Growing up... Making Amends.
>> 24 May 2012
“A wise girl asks but doesn't believe ; kisses but doesn't fall in love ; & leaves before she gets left”
- Marilyn Monroe
I like to pretend everything's alright :;
because when everyone thinks you're fine :;
sometimes you too, forget for a while
that you're not.
In
our life, we meet people. Some we never think about. There are some
that we wonder if they had given us a thought or two. And then there are
the few we wish we never had to think about again.
But we do.
Sometimes,
we have to stop caring; have to turn off all emotions to protect
ourselves from getting hurt... have to stop caring about those people:
sometimes we have to hide it all -- not letting anyone know how we feel
or what we think. We have to put a smile on our face & pretend everything is fine . Even when it’s not...because sometimes that's the only way to save ourselves from breaking our heart.
But
then, that one person comes..A shadow from the past. The other half of
the reason you existed. He does not try to dominate but somehow you feel
that he complicates your life.
They say knowing is better
than wondering ; waking is better than sleeping and the biggest
failure beats the hell out of never trying.
Life afterall, is for having fun. You don't want to waste it.
So
you decided to let him in & you trust him & you think maybe,
just maybe, everything you’ve ever gone through is worth it cause you
found someone on this messed up planet who knows you.
I
keep thinking of how much I love talking to you.. How much you make me
smile. How much similarity we have.. I think about you off and on,
replaying pieces of our conversation; laughing at funny things that you
said or did.. I've memorized your face .. I wonder what will happen the
next time we are together or whether that would be possible again..
You
asked me if I ever hated you.. and i said, i love you much for me to
hate you.
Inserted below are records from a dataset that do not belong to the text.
(* Assume $\hat w=\sup_xw(x)<\infty$. Let $\lambda\ge1$ and $z_1\in\mathbb{S}$. Then $0<w(z_1)\frac{w(z_1)+2\lfloor\lambda\rfloor-\lambda}{(w(z_1)+\lfloor\lambda\rfloor)(w(z_1)+\lfloor\lambda\rfloor-1)}\le\epsilon(\lambda,z_1)\le\frac{2\hat w}{2\hat w+\lambda-1}$, and $\frac1\lambda\le b(\lambda)\le\epsilon(\lambda)\le\frac{2\hat w}{2\hat w+\lambda-1}$, where $b(\lambda)=\frac1{\lfloor\lambda\rfloor}-\frac{\lambda-\lfloor\lambda\rfloor}{(\lfloor\lambda\rfloor+1)\lfloor\lambda\rfloor}$. Moreover, for $\lambda>1$, $1<\frac{\lfloor\lambda\rfloor^2+3\lfloor\lambda\rfloor-\lambda+1}{\lfloor\lambda\rfloor^2-\lfloor\lambda\rfloor+\lambda-1}\le\frac{1+\epsilon(\lambda)}{1-\epsilon(\lambda)}\le\frac{4\hat w+\lambda-1}{\lambda-1}$.
   Context: Let $\pi,q$ be probability densities with respect to a $\sigma$-finite measure $\mu$ on $\mathbb{X}$ with $q>0$ wherever $\pi>0$; $\pi(dx)=\pi(x)\mu(dx)$, $q(dx)=q(x)\mu(dx)$, $\mathbb{S}=\{\pi>0\}$, $w=\pi/q$ on $\mathbb{S}$ and $0$ elsewhere. For integer $N\ge1$ and $z_1\in\mathbb{S}$, $\epsilon(N,z_1)=\int_{\mathbb{X}^{N-1}}\frac{w(z_1)}{\sum_{i=1}^Nw(z_i)}\prod_{n=2}^Nq(dz_n)$ and $\epsilon(N)=\int_{\mathbb{S}}\epsilon(N,z)\pi(dz)$; for real $\lambda\ge1$ with $\beta=\lfloor\lambda\rfloor+1-\lambda$, $\epsilon(\lambda,x)=\beta\epsilon(\lfloor\lambda\rfloor,x)+(1-\beta)\epsilon(\lfloor\lambda\rfloor+1,x)$ and $\epsilon(\lambda)=\beta\epsilon(\lfloor\lambda\rfloor)+(1-\beta)\epsilon(\lfloor\lambda\rfloor+1)$. *)

From HB Require Import structures.
From mathcomp Require Import all_boot all_order all_algebra.
From mathcomp Require Import all_classical all_reals all_analysis.
Set Implicit Arguments. Unset Strict Implicit. Unset Printing Implicit Defensive.
Import Order.TTheory GRing.Theory Num.Theory.
Local Open Scope classical_set_scope.
Local Open Scope ring_scope.
Local Open Scope ereal_scope.

Section Defs.
Context {d : measure_display} {X : measurableType d} {R : realType}.
Variables (mu : {measure set X -> \bar R}) (pi q : X -> R).

Definition wgt (x : X) : R := if (0 < pi x)%R then (pi x / q x)%R else 0%R.

(* ISk a k s = int_{X^k} a / (a + s + sum_{n=1}^k w(z_n)) prod q(dz_n),
   written as the iterated integral (z_1 outermost); q(dz) = q(z) mu(dz). *)
Fixpoint ISk (a : R) (k : nat) (s : R) : \bar R :=
  match k with
  | O => (a / (a + s))%:E
  | k'.+1 => \int[mu]_z (ISk a k' (s + wgt z)%R * (q z)%:E)
  end.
As in the movie, what i hated most is the way i don't hate you
at all.
I cherish every moment i had with you.I suppose I'm a
little bit scared. You might not like it that I felt so much attachment
to you.
But I love you.
It's a mystery to
me as much as it is to you. Sometimes reality is the hardest thing to
understand and the thing that takes the longest to realize. But once it
hits us, it will always be there...
In this weird twisted way,its when we realize that reality bites.
But I already learned to deal with reality.
Afterall, at the end of the day, we must either focus on what's tearing us apart or what's holding us together.
And i chose the latter.
So, i won't going to apologize for saying what i feel, that will be like saying
" s o r r y f o r b e i n g r e a l“.
I
love you pa..We can't change the kind of story we have. We can't ask
the world to simplify the relationship that binds us. But we can always
look at life as grown ups.
I wish you well. And i'm giving you my PEACE.